TwoPL <- brm(bf(response ~ exp(logalpha) * eta,
                eta ~ 1 + (1 |i| Item) + (1 | ID),
                logalpha ~ 1 + (1 |i| Item),
                nl = TRUE),
             data = df, family = bernoulli("logit"), prior = IRT_priors,
             iter = 3000, warmup = 1000, seed = SEED)
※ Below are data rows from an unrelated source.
(* Let $(Q,B,\mu)$ be a measure space with a non-trivial $\sigma$-finite measure $\mu$, let $0<a<b\le1$, and let $\psi:(a,b)\to(0,\infty)$ be continuous with $\inf_{p\in(a,b)}\psi(p)>0$. Then the quasi-Grand Lebesgue space $G\psi_{a,b}$ is complete with respect to the quasi-distance $\rho(x,y)=\|x-y\|_{G\psi_{a,b}}$; i.e. every Cauchy sequence for $\rho$ converges in $\rho$ to an element of $G\psi_{a,b}$.
   Context: For $p>0$, $\|f\|_p=\left(\int_Q|f|^p\,d\mu\right)^{1/p}$. $G\psi_{a,b}$ is the space of measurable $f:Q\to\mathbb R$ (modulo $\mu$-a.e. equality) with $\|f\|_{G\psi_{a,b}}:=\sup_{p\in(a,b)}\|f\|_p/\psi(p)<\infty$. *)

From mathcomp Require Import all_boot all_order all_algebra.
From mathcomp Require Import all_classical all_reals all_analysis.
Import Order.TTheory GRing.Theory Num.Theory numFieldNormedType.Exports.
Local Open Scope classical_set_scope.
Local Open Scope ring_scope.

Definition Gnorm {d} {T : measurableType d} {R : realType}
  (mu : {measure set T -> \bar R}) (a b : R) (psi : R -> R) (f : T -> R) : \bar R :=
  ereal_sup [set (Lnorm mu p%:E (EFin \o f) * ((psi p)^-1)%:E)%E
            | p in [set p : R | a < p < b]].

(* Grand-Lebesgue Cauchy sequences are Cauchy for [fun h => \int |h|^p] at
   every p in (a, b).  At one such exponent we extract, as in the
   Riesz-Fischer theorem, a subsequence with increments so small that
   Chebyshev's inequality and Borel-Cantelli make it converge off a null set
   to a measurable f.  Fatou's lemma then transfers the Cauchy bound to
   [u n - f] at every p at once, which is convergence in G psi; and f lies in
   G psi by the quasi-triangle inequality |y + z|^p <= 2 (|y|^p + |z|^p),
   valid because p < b <= 1. *)

From mathcomp Require Import all_boot all_order all_algebra.
From mathcomp Require Import all_classical all_reals all_analysis.
From mathcomp Require Import lra measurable_realfun.
Import Order.TTheory GRing.Theory Num.Theory numFieldNormedType.Exports.
Local Open Scope classical_set_scope.
Local Open Scope ring_scope.

Lemma powR_normD_le (R : realType) (p y z : R) : 0 < p -> p <= 1 ->
  `|y + z| `^ p <= 2 * (`|y| `^ p + `|z| `^ p).
Proof.
move=> p0 p1; wlog yz : y z / `|y| <= `|z|.
  move=> H; case: (leP `|y| `|z|) => [|/ltW] /H //.
  by rewrite addrC [X in _ * X]addrC.
have yz2 : `|y + z| <= 2 * `|z|.
  by rewrite (le_trans (ler_normD _ _))// mulr2n mulrDl mul1r lerD2r.
apply: (le_trans (ge0_ler_powR (ltW p0) _ _ yz2)); rewrite ?nnegrE//.
rewrite powRM// ler_pM ?powR_ge0//; first by rewrite -[leRHS]powRr1// ler_powR// ler1n.
by rewrite lerDr powR_ge0.
Qed.

Lemma powR_addM_le (R : realType) (a p s Y Z : R) :
  0 < a -> a <= p -> 0 <= s -> 0 <= Y -> 0 <= Z ->
  2 * ((Y * s) `^ p + (Z * s) `^ p) <= (4 `^ a^-1 * ((Y + Z) * s)) `^ p.
Proof.
move=> a0 ap s0 Y0 Z0; have p0 := lt_le_trans a0 ap.
have le_sum W : 0 <= W -> W <= Y + Z -> (W * s) `^ p <= ((Y + Z) * s) `^ p.
  move=> W0 WYZ; apply: ge0_ler_powR; first exact: ltW.
  - by rewrite nnegrE mulr_ge0.
  - by rewrite nnegrE mulr_ge0// addr_ge0.
  - by rewrite ler_wpM2r.
have le_four : 4 <= (4 `^ a^-1) `^ p.
  rewrite -powRrM le1r_powR ?ler1n//.
  have a_inv_ge0 : 0 <= a^-1 by rewrite invr_ge0 ltW.
  by have := ler_wpM2l a_inv_ge0 ap; rewrite mulVf ?gt_eqF.
rewrite [leRHS]powRM ?powR_ge0 ?mulr_ge0 ?addr_ge0//.
have := le_sum Y Y0 ltac:(by rewrite lerDl).
have := le_sum Z Z0 ltac:(by rewrite lerDr).
have := powR_ge0 ((Y + Z) * s) p; nra.
Qed.

Lemma cvg_powR (R : realType) (p l : R) (y : R^nat) : 0 < p ->
  (forall k, 0 <= y k) -> y @ \oo --> l -> (fun k => y k `^ p) @ \oo --> l `^ p.
Proof.
move=> p0 y0 yl.
have l0 : 0 <= l.
  by apply: (closed_cvg [set x : R | 0 <= x] _ _ _ yl); [exact: closed_ge | exact: nearW].
have [lgt0|l_le0] := ltP 0 l.
  have powR_cont : {for l, continuous (@powR R ^~ p)}.
    apply: differentiable_continuous; apply/derivable1_diffP.
    by apply: derivable_powR; rewrite in_itv /= lgt0.
  exact: (cvg_comp _ _ yl powR_cont).
move: yl; have -> : l = 0 by apply/eqP; rewrite eq_le l_le0 l0.
rewrite powR0 ?gt_eqF// => /cvgrPdist_lt yl.
apply/cvgrPdist_lt => e e0; have e0p : 0 < e `^ p^-1 by rewrite powR_gt0.
apply: filterS (yl _ e0p) => k; rewrite !sub0r !normrN !ger0_norm ?powR_ge0// => yk.
have := gt0_ltr_powR p0 (y0 k) (ltW e0p) yk.
by rewrite -powRrM mulVf ?gt_eqF// powRr1 ?ltW.
Qed.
For the current particular need, however, I wanted to treat the items as fixed versus random. I initially ran the fixed items model with the intercept included, and the models ran perfectly fine. A co-author noted that I had left the intercept in and recommended that I remove it. I didn’t think that this would do anything to model since the first item on the test would just become the intercept; however, I started encountering some estimation problems after removing the intercept. Specifically, I get low Bulk ESS for my unidimensional models (corrected by simply increasing the iterations) but then non-convergences (R-hats as high as 1.84) and divergent transitions (up to ~150 with adapt_delta set to 0.80) for multidimensional models that fit without any need to adjust default settings when the intercept is included.

I assume that the greater autocorrelation in the chains and lower ESS is related to loss of centered parameterization when the intercept is removed, but the lack of convergence and divergent transitions made me think that perhaps the priors needed to be changed to account for the lack of intercept. I used the simpler intercept-only model to try to figure out what my prior specifications were doing via prior predictive checks as follows:

TwoPL_priors_fixed <- 
  prior("normal(0, 2)", class = "b", nlpar = "eta") +
  prior("normal(0, 1.5)", class = "b", nlpar = "logalpha") +
  prior("normal(0, 1)", class = "sd", group = "ID", nlpar = "eta")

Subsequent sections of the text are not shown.